Likewise, numerous absorbents, generally aqueous based, have been employed in the gas-liquid processes of industry. Among the more widely employed solvents are the alkanolamines (e.g., monoethanolamine (MEA), diethanolamine (DEA), methyl diethanolamine (MDEA)), sodium carbonate, sulfolane and sulfolanediisopropanaolamine (Shell's Sulfinol process), all of which are corrosive to metals, particularly at temperatures of regeneration used in most aqueous absorbent gas purification and recovery processes.
These absorbents are also subject to thermal degradation particularly in the presence of metals. The degradation products of both metal corrosion and degradation, as well as the acid gases absorbed, accelerate both corrosion and absorbent degradation.
A less well known, yet commercially practiced application of gas treating (absorbing), is the removal of
CO2 from gas streams, e.g. flue gas, containing oxygen from a few parts per million to about two percent.
The degradation occurs as described in U.S. Patent 3,137,654 which reports even small amounts of oxygen cause deterioration of ethanolamine and diethanolamine. Corrosion likewise accompanies these applications due in part to the types of metals used in commercial plants.
A commercial scale operation, as carried out today, usually employs absorbents such as aqueous alkanolamine solutions having amine concentrations from 10 to about 20 percent. These processes are commonly sized such that the solvent circulates at rates to absorb (load) acid gases into the solution at about 20 to 40 percent of its theoretical capacity when the oxygen content of the gas being treated is only a few parts per million.
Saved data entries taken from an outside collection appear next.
Fixpoint ffree (n : nat) (phi : formula) : Prop :=
  match phi with
  | feq t1 t2 => tfree n t1 \/ tfree n t2
  | frel r ts => exists i, tfree n (ts i)
  | fneg psi => ffree n psi
  | fand psi chi => ffree n psi \/ ffree n chi
  | fex m psi => m <> n /\ ffree n psi
  end.

(* parameter-free terms / formulas (i.e. genuine L-formulas) *)
Fixpoint tparfree (t : term) : Prop :=
  match t with
  | tvar _ => True
  | tpar _ => False
  | tapp f ts => forall i, tparfree (ts i)
  end.

Fixpoint fparfree (phi : formula) : Prop :=
  match phi with
  | feq t1 t2 => tparfree t1 /\ tparfree t2
  | frel r ts => forall i, tparfree (ts i)
  | fneg psi => fparfree psi
  | fand psi chi => fparfree psi /\ fparfree chi
  | fex _ psi => fparfree psi
  end.

Fixpoint tsubst (s : nat -> option M) (t : term) : term :=
  match t with
  | tvar n => match s n with Some a => tpar a | None => tvar n end
  | tpar a => tpar a
  | tapp f ts => tapp f (fun i => tsubst s (ts i))
  end.

Fixpoint fsubst (s : nat -> option M) (phi : formula) : formula :=
  match phi with
  | feq t1 t2 => feq (tsubst s t1) (tsubst s t2)
  | frel r ts => frel r (fun i => tsubst s (ts i))
  | fneg psi => fneg (fsubst s psi)
  | fand psi chi => fand (fsubst s psi) (fsubst s chi)
  | fex n psi => fex n (fsubst (fun m => if m == n then None else s m) psi)
  end.

Definition formula_in (k : nat) (phi : formula) : Prop :=
  forall n, ffree n phi -> n < k.

Definition prefix (k : nat) (v : nat -> M) : 'I_k -> M := fun i => v i.

Definition blk (k j : nat) (v : nat -> M) : 'I_k -> M := fun i => v (j * k + i).

Arguments prefix : clear implicits.
Arguments blk : clear implicits.

Definition def_rel (P : (nat -> M) -> Prop) : Prop :=
  exists phi : formula, forall v, P v <-> sat v phi.

Definition defset (k : nat) (S : set ('I_k -> M)) : Prop :=
  def_rel (fun v => S (prefix k v)).

Definition definable_group (k : nat) (G : set ('I_k -> M))
  (mul : ('I_k -> M) -> ('I_k -> M) -> ('I_k -> M))
  (one : 'I_k -> M) (inv : ('I_k -> M) -> ('I_k -> M)) : Prop :=
  [/\ defset G,
      def_rel (fun v => [/\ G (blk k 0 v), G (blk k 1 v) &
                            blk k 2 v = mul (blk k 0 v) (blk k 1 v)]),
      G one /\ (forall g h, G g -> G h -> G (mul g h)) /\
        (forall g, G g -> G (inv g)),
      (forall g h l, G g -> G h -> G l -> mul (mul g h) l = mul g (mul h l)) &
      (forall g, G g -> [/\ mul one g = g, mul g one = g,
                            mul (inv g) g = one & mul g (inv g) = one])].

Definition complete_type (k : nat) (p : set formula) : Prop :=
  [/\ forall phi, p phi -> formula_in k phi,
      (* consistent with the elementary diagram of M = finitely satisfiable in M *)
      forall (n : nat) (f : 'I_n -> formula), (forall i, p (f i)) ->
        exists v : nat -> M, forall i, sat v (f i) &
      forall phi, formula_in k phi -> p phi \/ p (fneg phi)].

Definition in_SG (k : nat) (G : set ('I_k -> M)) (p : set formula) : Prop :=
  complete_type k p /\
  exists phi, p phi /\ forall v, G (prefix k v) <-> sat v phi.

(* phi(x, b): substitute b_j for the variable x_(k+j) *)
Definition inst (k m : nat) (b : 'I_m -> M) : nat -> option M :=
  fun n => if k <= n then omap b (insub (n - k)) else None.

Definition definable_type (k : nat) (p : set formula) : Prop :=
  forall (m : nat) (phi : formula), fparfree phi -> formula_in (k + m) phi ->
    defset [set b : 'I_m -> M | p (fsubst (inst k b) phi)].

Definition definable_map (k : nat) (G : set ('I_k -> M)) (C : topologicalType)
  (f : ('I_k -> M) -> C) : Prop :=
  forall C1 C2 : set C, closed C1 -> closed C2 -> C1 `&` C2 = set0 ->
    exists Y' : set ('I_k -> M),
      [/\ defset Y', Y' `<=` G,
          (forall g, G g -> C1 (f g) -> Y' g) &
          (forall g, G g -> Y' g -> ~ C2 (f g))].

Definition definable_flow (k : nat) (G : set ('I_k -> M))
  (mul : ('I_k -> M) -> ('I_k -> M) -> ('I_k -> M)) (one : 'I_k -> M)
  (X : topologicalType) (act : ('I_k -> M) -> X -> X) : Prop :=
  [/\ compact [set: X], hausdorff_space X,
      (forall g, G g -> continuous (act g)),
      (forall x, act one x = x) /\
        (forall g h x, G g -> G h -> act (mul g h) x = act g (act h x)) &
      forall x, definable_map G (fun g => act g x)].

Definition definably_extremely_amenable (k : nat) (G : set ('I_k -> M))
  (mul : ('I_k -> M) -> ('I_k -> M) -> ('I_k -> M)) (one : 'I_k -> M) : Prop :=
  forall (X : topologicalType) (act : ('I_k -> M) -> X -> X),
    (exists x : X, True) -> definable_flow G mul one act ->
    exists x : X, forall g, G g -> act g x = x.

Definition left_generic (k : nat) (G : set ('I_k -> M))
  (mul : ('I_k -> M) -> ('I_k -> M) -> ('I_k -> M)) (Y : set ('I_k -> M)) : Prop :=
  exists (n : nat) (gs : 'I_n -> ('I_k -> M)),
    (forall i, G (gs i)) /\
    forall g, G g -> exists i y, Y y /\ g = mul (gs i) y.

End Syntax.

(* If G is definably extremely amenable and Y is a definable left generic set,
   consider the closure of the right translates of the indicator function of Y
   in 2^G.  It is a compact G-flow, and since every type over M is definable,
   its orbit maps are definable.  A fixed point z is constant on G: if z = 1,
   every g in G is (g h) h^-1 with g h and h in Y; if z = 0, no finitely many
   left translates of Y cover G.
   Conversely, let a0 be an almost periodic point of a definable G-flow and
   suppose g a0 <> a0.  Separate a0 from g a0 by open sets O1, O2, and choose
   a neighbourhood V of a0 whose closure lies in U = O1 /\ g^-1 O2.  The
   definability of the orbit map of a0 gives a definable A between the return
   times of a0 to V and to U, which is left generic as a0 is almost periodic.
   Writing g^-1 = a b^-1 with a, b in A puts b a0 in both O1 and O2. *)

From HB Require Import structures.
From Pilot Require Import Defs.
From mathcomp Require Import all_boot.
From mathcomp Require Import boolp classical_sets topology.
From mathcomp Require Import finmap zify.

Set Implicit Arguments.
Unset Strict Implicit.
Unset Printing Implicit Defensive.
Local Open Scope classical_set_scope.

Local Notation prefix k v := (@Defs.prefix _ _ k v).
Local Notation blk k j v := (@Defs.blk _ _ k j v).

(** * Renaming variables, substituting and abstracting parameters *)

Section Syntax.
Variables (L : language) (M : structure L).
Local Notation term := (term M).
Local Notation formula := (formula M).

Fixpoint tbound (t : term) : nat :=
  match t with
  | tvar n => n.+1
  | tpar _ => 0
  | tapp f ts => \max_(i < farity f) tbound (ts i)
  end.

Fixpoint fbound (phi : formula) : nat :=
  match phi with
  | feq t1 t2 => maxn (tbound t1) (tbound t2)
  | Defs.frel r ts => \max_(i < rarity r) tbound (ts i)
  | fneg psi => fbound psi
  | fand psi chi => maxn (fbound psi) (fbound chi)
  | fex n psi => maxn n.+1 (fbound psi)
  end.

Lemma tfree_bound n (t : term) : tfree n t -> n < tbound t.
Proof.
elim: t => [m|//|f ts IH] /=; first by move=> ->.
by move=> [i /IH Hi]; apply: leq_trans Hi _; apply: (leq_bigmax i).
Qed.

Lemma ffree_bound n (phi : formula) : ffree n phi -> n < fbound phi.
Proof.
elim: phi => [t1 t2|r ts|psi IH|psi IH chi IH'|m psi IH] /=.
- by case=> /tfree_bound H; rewrite leq_max H ?orbT.
- by move=> [i /tfree_bound Hi]; apply: leq_trans Hi _; apply: (leq_bigmax i).
- exact: IH.
- by case=> [/IH|/IH'] H; rewrite leq_max H ?orbT.
- by move=> [_ /IH H]; rewrite leq_max H orbT.
Qed.

Lemma eq_teval (t : term) (v w : nat -> M) :
  (forall n, tfree n t -> v n = w n) -> teval v t = teval w t.
Proof.
elim: t => [n|//|f ts IH] /= H; first exact: H.
by congr ifunc; apply: funext => i; apply: IH => n Hn; apply: H; exists i.
Qed.

Lemma eq_sat (phi : formula) (v w : nat -> M) :
  (forall n, ffree n phi -> v n = w n) -> (sat v phi <-> sat w phi).
Proof.
elim: phi v w => [t1 t2|r ts|psi IH|psi IH chi IH'|n psi IH] v w /= H.
- by rewrite (@eq_teval t1 v w) ?(@eq_teval t2 v w) // => m Hm; apply: H; auto.
- suff -> : (fun i => teval v (ts i)) = (fun i => teval w (ts i)) by [].
  by apply: funext => i; apply: eq_teval => m Hm; apply: H; exists i.
- by rewrite (IH v w).
- by rewrite (IH v w) ?(IH' v w) // => m Hm; apply: H; auto.
- have eq_upd a : sat (upd v n a) psi <-> sat (upd w n a) psi.
    apply: IH => m Hm; rewrite /upd; case: eqP => // ne.
    by apply: H; split => // E; apply: ne.
  by split=> -[a Ha]; exists a; apply/eq_upd.
Qed.

Definition override (S N : nat) (f v : nat -> M) : nat -> M :=
  fun j => if (S <= j) && (j < S + N) then f j else v j.

Fixpoint fexn (S N : nat) (phi : formula) : formula :=
  match N with 0 => phi | N'.+1 => fex S (fexn S.+1 N' phi) end.

Lemma sat_fexn N S (phi : formula) v :
  sat v (fexn S N phi) <-> exists f : nat -> M, sat (override S N f v) phi.
Proof.
elim: N S v => [|N IH] S v /=.
  have E f : override S 0 f v = v.
    by apply: funext => j; rewrite /override addn0; case: ifP => //; lia.
  by split => [H|[f]]; [exists v|]; rewrite E.
have E a f : override S.+1 N f (upd v S a) =
             override S N.+1 (fun j => if j == S then a else f j) v.
  apply: funext => j; rewrite /override /upd.
  case: (ltngtP j S) => [jS|Sj|->] //=; first by rewrite addSnnS.
  by rewrite ifT //; lia.
split.
  by move=> [a /IH [f]]; rewrite E => Hf; eexists; exact: Hf.
move=> [f Hf]; exists (f S); apply/IH; exists f; rewrite E.
suff -> : (fun j => if j == S then f S else f j) = f by [].
by apply: funext => j; case: eqP => [->|].
Qed.

(* Renamings send each variable to a variable ([inl]) or a parameter ([inr]). *)
Definition sum_term (x : nat + M) : term :=
  match x with inl n => tvar M n | inr a => tpar a end.

Definition sum_eval (v : nat -> M) (x : nat + M) : M :=
  match x with inl n => v n | inr a => a end.

Definition sbound (sig : nat -> nat + M) (N : nat) : nat :=
  \max_(i < N) (match sig i with inl n => n.+1 | inr _ => 0 end).

Lemma sbound_lt sig N i n : i < N -> sig i = inl n -> n < sbound sig N.
Proof.
move=> iN e; have := @leq_bigmax _
  (fun i : 'I_N => match sig i with inl n => n.+1 | inr _ => 0 end) (Ordinal iN).
by rewrite /= e.
Qed.

Fixpoint tren (sig : nat -> nat + M) (t : term) : term :=
  match t with
  | tvar n => sum_term (sig n)
  | tpar a => tpar a
  | tapp f ts => tapp (fun i => tren sig (ts i))
  end.

(* The bound variable is renamed above every variable that [sig] sends the
   variables of [psi] to; this avoids capture. *)
Fixpoint fren (sig : nat -> nat + M) (phi : formula) : formula :=
  match phi with
  | feq t1 t2 => feq (tren sig t1) (tren sig t2)
  | Defs.frel r ts => @Defs.frel _ _ r (fun i => tren sig (ts i))
  | fneg psi => fneg (fren sig psi)
  | fand psi chi => fand (fren sig psi) (fren sig chi)
  | fex n psi => let F := sbound sig (fbound psi) in
                 fex F (fren (fun j => if j == n then inl F else sig j) psi)
  end.

Lemma teval_tren sig v (t : term) :
  teval v (tren sig t) = teval (fun j => sum_eval v (sig j)) t.
Proof.
elim: t => [n|//|f ts IH] /=; first by case: (sig n).
by congr ifunc; apply: funext => i; exact: IH.
Qed.

Lemma sat_fren sig (phi : formula) v :
  sat v (fren sig phi) <-> sat (fun j => sum_eval v (sig j)) phi.
Proof.
elim: phi sig v => [t1 t2|r ts|psi IH|psi IH chi IH'|n psi IH] sig v /=.
- by rewrite !teval_tren.
- suff -> : (fun i => teval v (tren sig (ts i))) =
            (fun i => teval (fun j => sum_eval v (sig j)) (ts i)) by [].
  by apply: funext => i; rewrite teval_tren.
- by rewrite IH.
- by rewrite IH IH'.
- set F := sbound sig (fbound psi).
  have E a : sat (upd v F a) (fren (fun j => if j == n then inl F else sig j) psi)
         <-> sat (upd (fun j => sum_eval v (sig j)) n a) psi.
    rewrite IH; apply: eq_sat => j /ffree_bound jb; rewrite /upd.
    case: eqP => [_|_] /=; first by rewrite eqxx.
    case E : (sig j) => [m|//] /=.
    by have := sbound_lt jb E; rewrite -/F; case: eqP => //; lia.
  by split=> -[a Ha]; exists a; apply/E.
Qed.

Lemma tfree_tren sig n (t : term) :
  tfree n (tren sig t) -> exists2 i, tfree i t & sig i = inl n.
Proof.
elim: t => [m|//|f ts IH] /=.
  by case E : (sig m) => [j|//] /= <-; exists m.
by move=> [i /IH [j Hj E]]; exists j => //; exists i.
Qed.

Lemma ffree_fren sig (phi : formula) n :
  ffree n (fren sig phi) -> exists2 i, ffree i phi & sig i = inl n.
Proof.
elim: phi sig => [t1 t2|r ts|psi IH|psi IH chi IH'|m psi IH] sig /=.
- by case=> /tfree_tren [i Hi E]; exists i; auto.
- by move=> [j /tfree_tren [i Hi E]]; exists i => //; exists j.
- exact: IH.
- by case=> [/IH [i Hi E]|/IH' [i Hi E]]; exists i; auto.
- move=> [nF /IH [i Hi]]; case: eqP => [_ [Fn]|im E]; first by case: nF.
  by exists i => //; split => // mi; apply: im.
Qed.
Lesser known commercial applications, which remove CO2 from gas streams containing a few parts to about two percent oxygen, or air, as in U.S. Patent 3,137,654, utilize alkanolamine concentrations ranging from 7 to 12 percent, and in some exceptional cases as high as 24 percent (the concentration of a 4 N amine solution reported in U.S. Patent 3,137,654).
While many of these commercial processes use various additives to abate both corrosion and degradation (most inhibitor formulations are based on patent and published literature technology, which allude to and even claim utility in the presence of oxygen) the experience in the field has been conflicting at best.
Commercial processes audited and/or reported in the literature routinely limit the amount of oxygen (in the presence of CO2) to only a few percent. Generally the plants are designed for maximum loadings of less than 50 percent of theoretical solvent capacity while employing 10 to 20 percent amine concentrations of the aqueous absorbent solutions to control corrosion and solvent degradation. However, considerable degradation as well as poor corrosion inhibition profiles are still obtained.
In some instances activated carbon absorbers are used in an effort to remove the degradation products and corrosion products. However, in the instance of C02 removal, U.S. Patent 3,137,654 teaches that activated carbon filters in the amine circuit enhance the degradation rate of MEA rather than reduce the effect.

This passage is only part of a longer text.